Что я могу сказать? Говорю то, что должен говорить человек с ромбами:

— Что ж, это верно, Алексей Харитонович. Наш суд самый справедливый в мире. Конечно, порой случаются ошибки. Их стараются исправить… Расскажите о себе, о вашем деле. За что конкретно вас судили?





— Не погонял я, сказали, а саботировал хлебозаготовки. Преступно придерживал, сказали, валютное зерно, не хотел продавать государству по твердой цене, чтобы сбыть втихомолку на базаре. Сказали, что создавал дутые, обманные фонды, втрое больше, чем надо для прокорма людей и скотины. Сказали, что открыто восхваляю колхозы, а тайно, тихой сапой, создал в правлении контрреволюционное гнездо. «Колхозы без коммунистов». Читали статью товарища Сталина… извиняюсь, гражданина Сталина «О работе в деревне»? Все плохое из этой статьи судья мне припечатал. Персонально! Старого кулака-зверюку, с лошадиными зубами, с толстой шеей, всем видного, плакатного кулака, как сказал гражданин Сталин, мы извели начисто. Теперь есть новый куркуль, «тихий», сладенький, почти святой. Вот и меня, когда я попал под горячую руку, зачислили в тихие и сладенькие… Верно, я сдал не весь хлеб, не дотянул немного до сверхплановой нормы. Можно было выполнить и перевыполнить, на красной доске красоваться. Почему, спросите, не дотянул? Дорого дюже. Накладно. Колхозников без хлеба, а скот без кормов надо было оставить. Совесть не позволила морить людей голодом. Не саботажник я, а голова колхоза, доверенное лицо хлебороба… — Он сам себя прервал, усмехнулся. — Мало ли кем и чем я себя считаю! Со стороны виднее, кто я такой. Назвали груздем и запихнули, куды следует. Вот так и загремел непрозорливый деревенский работник, незакаленный и переоцененный, как сказал гражданин Сталин. И теперь вот на лагерной наковальне перековываюсь, прозорливости набираюсь. — Алексей Харитонович шумно, всей грудью, будто собираясь нырнуть, вздохнул. — Гражданин начальник, сколько годиков накинете за мою храбрость?

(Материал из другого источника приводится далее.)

(* Let $T_r$ be a resistive dyadic tree with resistances $r=(r_n^k)_{n\ge 1,\,0\le k\le 2^n-1}$ (notation in the context), and assume $$\sum_{n\geq 1} \frac{1}{2^n}\max_{0\le k\le 2^n-1} r_n^k < +\infty .$$ Then for every $p\in H^1(T_r)$ the sequence $(\tilde p_n)_{n\ge 0}$ converges strongly in $L^2(\mathbb{Z}_2)$ to some $\tilde p\in L^2(\mathbb{Z}_2)$, and the linear operator $\gamma_0: p\mapsto \tilde p$ is a bounded linear operator from $H^1(T_r)$ to $L^2(\mathbb{Z}_2)$.
   Context: The infinite dyadic tree $T$ has vertex set $V$ equal to the disjoint union over $n\ge 0$ of the sets $\mathbb{Z}/2^n\mathbb{Z}$; $x_n^k$ denotes $k\in\mathbb{Z}/2^n\mathbb{Z}$ ($0\le k\le 2^n-1$), the $k$-th vertex of generation $n$, and $x_0^0$ is the root. For $n<m$, $\varphi_n^m:\mathbb{Z}/2^m\mathbb{Z}\to\mathbb{Z}/2^n\mathbb{Z}$ is the canonical surjection. For $n\ge1$, the edge $e_n^k$ joins $x_n^k$ to its parent $\varphi_{n-1}^n(x_n^k)$, and these are all the edges. A resistive dyadic tree $T_r$ is $T$ together with positive numbers $r_n^k$ ($n\ge1$, $0\le k\le 2^n-1$), $r_n^k$ being the resistance of $e_n^k$. For $p:V\to\mathbb{R}$ set $$|p|_{H^1}^2=\sum_{n\ge1}\sum_{k=0}^{2^n-1}\frac{|p(x_n^k)-p(\varphi_{n-1}^n(x_n^k))|^2}{r_n^k},$$ and $H^1(T_r)=\{p:V\to\mathbb{R}: |p|_{H^1}<\infty\}$, normed by $\|p\|_{H^1(T_r)}^2=|p(x_0^0)|^2+|p|_{H^1}^2$. $\mathbb{Z}_2$ is the ring of 2-adic integers with 2-adic absolute value $|\cdot|_2$ and Haar probability measure $\mu$ (so $\mu(a+2^n\mathbb{Z}_2)=2^{-n}$); $L^2(\mathbb{Z}_2)$ is taken with respect to $\mu$. For $p:V\to\mathbb{R}$ and $n\ge0$, $\tilde p_n:\mathbb{Z}_2\to\mathbb{R}$ is defined by $\tilde p_n(x)=p(x_n^a)$, where $a\in\{0,\dots,2^n-1\}$ is the unique integer with $x\in a+2^n\mathbb{Z}_2$. *)

From HB Require Import structures.
From mathcomp Require Import all_boot all_order all_algebra.
From mathcomp Require Import all_classical all_reals all_analysis.
Set Implicit Arguments. Unset Strict Implicit. Unset Printing Implicit Defensive.
Import Order.TTheory GRing.Theory Num.Theory.
Local Open Scope classical_set_scope.
Local Open Scope ring_scope.

(* 2-adic integers represented by their digit sequences:
   x = \sum_i x_i 2^i  <->  (x_i)_i : nat -> bool. *)
Definition Z2digits := nat -> bool.

(* a_n(x) = the unique a in {0,..,2^n-1} with x \in a + 2^n Z_2 *)
Definition trunc2 (n : nat) (x : Z2digits) : nat :=
  (\sum_(i < n) (x i : nat) * 2 ^ i)%N.

Definition coset2 (n a : nat) : set Z2digits := [set x | trunc2 n x = a].

(* the generating family of cosets; the sigma-algebra they generate is the
   Borel sigma-algebra of Z_2 *)
Definition cosets2 : set (set Z2digits) :=
  [set A | exists n a, A = coset2 n a].

Definition Z2 := g_sigma_algebraType cosets2.

(* a function p : V -> R is encoded as p n k = p(x_n^k) for k < 2^n
   (values for k >= 2^n are irrelevant and never used) *)
Definition vfun (R : Type) := nat -> nat -> R.

(* parent of x_n^k (n >= 1) is x_{n-1}^{k mod 2^{n-1}} *)
Definition H1term (R : realType) (r : vfun R) (p : vfun R) (n : nat) : R :=
  \sum_(k < 2 ^ n) (p n k - p n.-1 (k %% 2 ^ n.-1)%N) ^+ 2 / r n k.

Опускаю голову, внимательно разглядываю под своими ногами хорошо вымытые, выскобленные половицы. Ординарец потихоньку поднимается со стула, сдвигает босые ноги, вытягивается, козыряет:

— Разрешите быть свободным, гражданин начальник?

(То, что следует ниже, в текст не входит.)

(* From [1 - x/4 <= exp (-x/4)], raised to the fourth power. *)
Lemma exp_mul_pow4_le x : x < 4 -> exp x * (1 - x / 4) ^ 4 <= 1.
Proof.
  intros Hx.
  assert (H1 : exp (x / 4) * (1 - x / 4) <= 1).
  { assert (1 + - (x / 4) <= exp (- (x / 4))) by apply exp_ineq1_le.
    assert (exp (x / 4) * exp (- (x / 4)) = 1)
      by (rewrite <- exp_plus, Rplus_opp_r; apply exp_0).
    assert (0 < exp (x / 4)) by apply exp_pos. nra. }
  replace (exp x) with (exp (x / 4) ^ 4) by (rewrite exp_pow; f_equal; simpl; field).
  rewrite <- Rpow_mult_distr. apply (Rle_trans _ (1 ^ 4)); [|simpl; lra].
  apply pow_incr. split; [|exact H1].
  apply Rmult_le_pos; [left; apply exp_pos|lra].
Qed.

Lemma exp_le_quadratic z : Rabs z <= 0.6 -> exp z <= 1 + z + z ^ 2.
Proof.
  intros Habs.
  assert (Hz : -0.6 <= z <= 0.6).
  { pose proof (Rle_abs z). pose proof (Rle_abs (- z)). rewrite Rabs_Ropp in *. lra. }
  assert (H := exp_mul_pow4_le z ltac:(lra)).
  assert (Hpoly : 1 <= (1 + z + z ^ 2) * (1 - z / 4) ^ 4) by nra.
  apply (Rmult_le_reg_r ((1 - z / 4) ^ 4)); [apply pow_lt; lra|lra].
Qed.

Lemma exp_le_sq_one_add_twice L : 0 <= L <= 9 / 4 -> exp L <= (1 + 2 * L) ^ 2.
Proof.
  intros HL.
  assert (Hhalf : exp (L / 2) <= 1 + 2 * L).
  { assert (H := exp_mul_pow4_le (L / 2) ltac:(lra)).
    assert (Hpoly : 1 <= (1 + 2 * L) * (1 - L / 2 / 4) ^ 4) by nra.
    apply (Rmult_le_reg_r ((1 - L / 2 / 4) ^ 4)); [apply pow_lt; lra|lra]. }
  replace (exp L) with (exp (L / 2) ^ 2) by (rewrite exp_pow; f_equal; simpl; field).
  apply pow_incr. split; [left; apply exp_pos|exact Hhalf].
Qed.

Lemma sqrt_add_le h y : 0 < h -> 0 <= h ^ 2 + y -> sqrt (h ^ 2 + y) <= h + y / (2 * h).
Proof.
  intros Hh Hy.
  assert (Hpos : 0 <= h + y / (2 * h)).
  { replace (h + y / (2 * h)) with ((h ^ 2 + y + h ^ 2) / (2 * h)) by (field; lra).
    apply div_nonneg; nra. }
  rewrite <- (sqrt_pow2 (h + y / (2 * h))) by exact Hpos.
  apply sqrt_le_1_alt.
  replace ((h + y / (2 * h)) ^ 2) with (h ^ 2 + y + (y / (2 * h)) ^ 2) by (field; lra).
  assert (0 <= (y / (2 * h)) ^ 2) by apply pow2_ge_0. lra.
Qed.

Опять торчу пугалом в котлованах прораба Пугача. Сегодня пришел сюда с твердым намерением поговорить с Федором Терентьевичем. Он, как я только появился, не дожидаясь расспросов, сам заговорил. Сел рядом со мной на бетонную трубу и, словно продолжая прерванный разговор, сказал:

— Я давно понял, что вы не чекист, а так… Не обносили обмундирование, не по вашим плечам оно. В барак входите без всякого шума и треска, неуверенно. Бывалый, тертый начальник, входя в барак, сразу же передергивает пистолет на живот, поближе к пупу, чтобы какой-нибудь уголовный, подбежав сзади, не выхватил из кобуры оружие. А вы… забываете принять необходимую меру предосторожности. Есть у вас еще примета: чудные вопросы к заключенным. Гражданин начальник не задает вопросов. Ему везде и всегда все ясно, он видит лагерника насквозь и глубже… В общем, шила в мешке не утаишь. На тяжелую жизнь обрекли вы себя, товарищ писатель!

— Вы знаете даже это?!

— И не один я узнал вас. Фамилию можно изменить, а лицо не переделаешь. «Правда» печатала вашу фотографию. Земляки мы с вами. Я родился и до двенадцати лет жил в Макеевке. — Он помолчал, счищая с резиновых сапог сырые и тяжелые комья глины. — Вашей книгой я еще на воле зачитывался. Вот уж не думал, что придется встретиться. Да еще где!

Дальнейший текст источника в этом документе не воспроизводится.